## [Information provided]
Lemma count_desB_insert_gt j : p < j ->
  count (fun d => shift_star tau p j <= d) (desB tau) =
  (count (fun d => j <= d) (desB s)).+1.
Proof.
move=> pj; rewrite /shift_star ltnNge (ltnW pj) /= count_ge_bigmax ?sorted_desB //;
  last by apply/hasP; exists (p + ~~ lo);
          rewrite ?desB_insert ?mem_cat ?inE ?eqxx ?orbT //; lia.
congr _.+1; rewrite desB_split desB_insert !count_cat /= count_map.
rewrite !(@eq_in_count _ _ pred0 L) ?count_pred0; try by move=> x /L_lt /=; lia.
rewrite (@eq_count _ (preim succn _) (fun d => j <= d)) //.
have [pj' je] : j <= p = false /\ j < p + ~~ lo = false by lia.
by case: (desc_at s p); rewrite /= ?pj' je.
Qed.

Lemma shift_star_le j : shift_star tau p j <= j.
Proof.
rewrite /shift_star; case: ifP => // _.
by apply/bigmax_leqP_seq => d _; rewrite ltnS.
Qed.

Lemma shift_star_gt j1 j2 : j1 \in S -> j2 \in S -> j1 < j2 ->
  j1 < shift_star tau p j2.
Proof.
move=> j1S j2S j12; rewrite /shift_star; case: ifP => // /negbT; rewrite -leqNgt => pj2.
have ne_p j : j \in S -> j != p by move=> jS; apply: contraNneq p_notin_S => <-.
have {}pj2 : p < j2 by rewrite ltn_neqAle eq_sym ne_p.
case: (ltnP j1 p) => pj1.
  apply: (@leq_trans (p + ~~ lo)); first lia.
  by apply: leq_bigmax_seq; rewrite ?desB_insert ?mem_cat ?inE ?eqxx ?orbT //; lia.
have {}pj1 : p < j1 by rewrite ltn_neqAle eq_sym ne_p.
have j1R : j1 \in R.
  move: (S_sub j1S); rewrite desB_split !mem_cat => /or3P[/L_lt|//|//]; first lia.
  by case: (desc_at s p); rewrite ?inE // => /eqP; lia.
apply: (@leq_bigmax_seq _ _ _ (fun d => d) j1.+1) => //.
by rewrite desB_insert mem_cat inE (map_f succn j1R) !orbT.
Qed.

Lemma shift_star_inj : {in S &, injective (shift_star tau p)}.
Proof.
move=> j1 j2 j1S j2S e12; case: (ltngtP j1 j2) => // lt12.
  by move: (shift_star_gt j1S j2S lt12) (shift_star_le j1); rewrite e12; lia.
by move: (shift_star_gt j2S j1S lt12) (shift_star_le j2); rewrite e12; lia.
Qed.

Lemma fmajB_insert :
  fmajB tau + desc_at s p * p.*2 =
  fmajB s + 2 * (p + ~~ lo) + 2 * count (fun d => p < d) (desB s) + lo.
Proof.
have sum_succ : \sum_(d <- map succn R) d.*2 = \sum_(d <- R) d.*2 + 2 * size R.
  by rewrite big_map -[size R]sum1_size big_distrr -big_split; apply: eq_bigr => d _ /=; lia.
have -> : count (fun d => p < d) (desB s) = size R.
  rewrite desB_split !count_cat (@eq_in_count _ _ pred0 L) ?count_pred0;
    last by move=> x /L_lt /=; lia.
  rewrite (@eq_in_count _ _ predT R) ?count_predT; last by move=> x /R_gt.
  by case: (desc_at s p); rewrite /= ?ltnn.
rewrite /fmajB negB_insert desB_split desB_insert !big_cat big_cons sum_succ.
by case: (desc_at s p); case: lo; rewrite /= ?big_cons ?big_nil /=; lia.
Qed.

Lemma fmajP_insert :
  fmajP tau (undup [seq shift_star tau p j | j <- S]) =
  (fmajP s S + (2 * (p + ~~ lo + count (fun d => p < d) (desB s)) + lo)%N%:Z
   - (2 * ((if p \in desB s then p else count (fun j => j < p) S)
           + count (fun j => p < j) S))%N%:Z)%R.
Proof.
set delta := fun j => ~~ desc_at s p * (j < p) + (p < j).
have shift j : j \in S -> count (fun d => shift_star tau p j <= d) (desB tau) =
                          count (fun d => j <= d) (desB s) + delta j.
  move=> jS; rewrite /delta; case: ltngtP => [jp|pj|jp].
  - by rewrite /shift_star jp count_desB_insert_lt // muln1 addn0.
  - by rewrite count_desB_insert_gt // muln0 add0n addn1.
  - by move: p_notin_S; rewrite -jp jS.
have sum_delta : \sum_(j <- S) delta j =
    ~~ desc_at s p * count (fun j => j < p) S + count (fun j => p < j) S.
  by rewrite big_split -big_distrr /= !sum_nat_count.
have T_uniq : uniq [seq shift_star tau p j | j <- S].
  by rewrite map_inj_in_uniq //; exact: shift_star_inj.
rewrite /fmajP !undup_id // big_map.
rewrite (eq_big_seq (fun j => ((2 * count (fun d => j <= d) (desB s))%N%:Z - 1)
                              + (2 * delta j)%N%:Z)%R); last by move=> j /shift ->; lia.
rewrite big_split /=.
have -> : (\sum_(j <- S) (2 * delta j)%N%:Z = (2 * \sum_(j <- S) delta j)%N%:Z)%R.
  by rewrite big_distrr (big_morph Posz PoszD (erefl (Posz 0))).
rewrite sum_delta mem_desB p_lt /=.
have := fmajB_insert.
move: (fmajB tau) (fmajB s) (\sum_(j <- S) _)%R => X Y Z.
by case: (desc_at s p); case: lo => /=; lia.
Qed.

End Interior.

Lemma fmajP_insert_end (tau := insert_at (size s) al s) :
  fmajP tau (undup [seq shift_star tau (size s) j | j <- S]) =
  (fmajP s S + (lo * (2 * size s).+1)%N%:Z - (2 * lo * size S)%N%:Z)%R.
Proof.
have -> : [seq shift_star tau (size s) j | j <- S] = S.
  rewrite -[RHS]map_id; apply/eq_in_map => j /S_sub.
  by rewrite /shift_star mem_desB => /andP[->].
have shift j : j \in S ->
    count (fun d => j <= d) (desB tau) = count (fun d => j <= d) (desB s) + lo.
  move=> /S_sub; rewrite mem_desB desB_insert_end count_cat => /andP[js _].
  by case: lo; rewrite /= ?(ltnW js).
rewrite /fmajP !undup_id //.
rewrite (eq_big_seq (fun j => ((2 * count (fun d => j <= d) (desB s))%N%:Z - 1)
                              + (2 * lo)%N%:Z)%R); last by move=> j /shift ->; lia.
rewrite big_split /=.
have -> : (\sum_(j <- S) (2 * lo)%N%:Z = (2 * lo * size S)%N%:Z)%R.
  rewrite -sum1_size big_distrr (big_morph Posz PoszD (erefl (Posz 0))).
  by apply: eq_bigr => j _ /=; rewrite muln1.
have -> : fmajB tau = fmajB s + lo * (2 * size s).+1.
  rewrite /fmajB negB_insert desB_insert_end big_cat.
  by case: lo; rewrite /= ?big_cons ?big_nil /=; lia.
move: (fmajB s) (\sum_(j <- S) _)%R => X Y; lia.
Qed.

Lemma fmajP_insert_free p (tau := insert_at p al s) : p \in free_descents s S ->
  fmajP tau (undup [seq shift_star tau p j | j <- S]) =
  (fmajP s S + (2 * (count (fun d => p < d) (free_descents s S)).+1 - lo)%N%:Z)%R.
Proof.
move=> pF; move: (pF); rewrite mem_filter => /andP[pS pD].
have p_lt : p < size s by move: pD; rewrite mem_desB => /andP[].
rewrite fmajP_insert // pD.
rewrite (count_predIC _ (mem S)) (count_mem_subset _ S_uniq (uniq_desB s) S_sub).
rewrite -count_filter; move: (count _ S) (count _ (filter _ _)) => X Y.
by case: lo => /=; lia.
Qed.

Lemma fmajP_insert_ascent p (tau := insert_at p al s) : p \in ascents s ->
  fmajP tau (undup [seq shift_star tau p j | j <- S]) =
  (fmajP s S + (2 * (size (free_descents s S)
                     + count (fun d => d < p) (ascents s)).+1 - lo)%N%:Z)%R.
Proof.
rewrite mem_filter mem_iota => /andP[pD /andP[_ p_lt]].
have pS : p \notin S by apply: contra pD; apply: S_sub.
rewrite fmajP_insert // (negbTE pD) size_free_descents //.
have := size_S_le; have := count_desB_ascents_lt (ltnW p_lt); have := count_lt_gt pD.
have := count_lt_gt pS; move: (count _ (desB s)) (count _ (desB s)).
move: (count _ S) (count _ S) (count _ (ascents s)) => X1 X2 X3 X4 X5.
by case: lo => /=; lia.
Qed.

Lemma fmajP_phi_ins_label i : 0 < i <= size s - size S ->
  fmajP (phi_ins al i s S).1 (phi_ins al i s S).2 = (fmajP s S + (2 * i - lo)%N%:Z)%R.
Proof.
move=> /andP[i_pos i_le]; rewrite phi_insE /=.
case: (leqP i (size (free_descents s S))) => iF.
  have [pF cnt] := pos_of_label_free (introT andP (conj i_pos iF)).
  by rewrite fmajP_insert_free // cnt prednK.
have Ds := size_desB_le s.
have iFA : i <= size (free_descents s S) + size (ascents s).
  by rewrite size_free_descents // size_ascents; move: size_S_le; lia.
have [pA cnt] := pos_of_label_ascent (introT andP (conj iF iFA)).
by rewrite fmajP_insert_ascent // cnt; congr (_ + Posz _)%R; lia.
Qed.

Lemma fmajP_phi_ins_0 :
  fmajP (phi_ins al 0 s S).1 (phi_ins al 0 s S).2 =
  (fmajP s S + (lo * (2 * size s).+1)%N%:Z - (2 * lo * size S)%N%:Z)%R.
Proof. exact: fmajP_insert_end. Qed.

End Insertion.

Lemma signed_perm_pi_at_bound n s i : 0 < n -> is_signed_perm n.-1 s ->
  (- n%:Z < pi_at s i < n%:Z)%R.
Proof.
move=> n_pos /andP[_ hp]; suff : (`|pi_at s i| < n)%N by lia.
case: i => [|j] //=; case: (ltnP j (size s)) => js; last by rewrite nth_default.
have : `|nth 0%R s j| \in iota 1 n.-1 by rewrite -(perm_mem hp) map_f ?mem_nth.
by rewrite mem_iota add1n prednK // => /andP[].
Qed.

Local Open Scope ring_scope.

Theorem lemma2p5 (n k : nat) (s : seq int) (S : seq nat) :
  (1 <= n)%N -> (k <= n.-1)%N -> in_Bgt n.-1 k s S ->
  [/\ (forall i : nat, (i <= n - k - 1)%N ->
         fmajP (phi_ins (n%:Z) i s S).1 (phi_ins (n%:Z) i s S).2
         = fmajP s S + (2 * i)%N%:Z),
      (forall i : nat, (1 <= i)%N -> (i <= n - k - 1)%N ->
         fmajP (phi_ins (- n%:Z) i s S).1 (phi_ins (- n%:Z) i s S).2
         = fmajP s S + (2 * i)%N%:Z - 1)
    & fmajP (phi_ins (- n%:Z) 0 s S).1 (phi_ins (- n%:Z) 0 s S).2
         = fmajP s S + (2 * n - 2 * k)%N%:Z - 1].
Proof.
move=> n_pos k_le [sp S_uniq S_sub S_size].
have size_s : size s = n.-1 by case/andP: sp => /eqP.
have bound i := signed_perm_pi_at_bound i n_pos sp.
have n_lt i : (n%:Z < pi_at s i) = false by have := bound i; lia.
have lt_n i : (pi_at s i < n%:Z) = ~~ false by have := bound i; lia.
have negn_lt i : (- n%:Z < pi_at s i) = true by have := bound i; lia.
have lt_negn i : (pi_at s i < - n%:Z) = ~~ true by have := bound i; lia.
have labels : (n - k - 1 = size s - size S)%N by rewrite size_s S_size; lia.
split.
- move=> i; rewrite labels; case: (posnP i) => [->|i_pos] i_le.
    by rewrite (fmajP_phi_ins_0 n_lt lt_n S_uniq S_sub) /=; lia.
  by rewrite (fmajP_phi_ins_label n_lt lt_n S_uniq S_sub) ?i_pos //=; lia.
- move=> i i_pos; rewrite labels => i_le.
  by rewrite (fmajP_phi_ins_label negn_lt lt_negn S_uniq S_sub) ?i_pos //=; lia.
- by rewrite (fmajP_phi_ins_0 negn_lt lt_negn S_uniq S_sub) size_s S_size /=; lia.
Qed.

## [Action item]
With the line holding "- by move: p_notin_S; rewrite -jp jS." as the first and the line holding "rewrite /fmajP !undup_id // big_map." as the last, set down that range of the entries above exactly, and nothing else.

## [Exercise solution]
  - by move: p_notin_S; rewrite -jp jS.
have sum_delta : \sum_(j <- S) delta j =
    ~~ desc_at s p * count (fun j => j < p) S + count (fun j => p < j) S.
  by rewrite big_split -big_distrr /= !sum_nat_count.
have T_uniq : uniq [seq shift_star tau p j | j <- S].
  by rewrite map_inj_in_uniq //; exact: shift_star_inj.
rewrite /fmajP !undup_id // big_map.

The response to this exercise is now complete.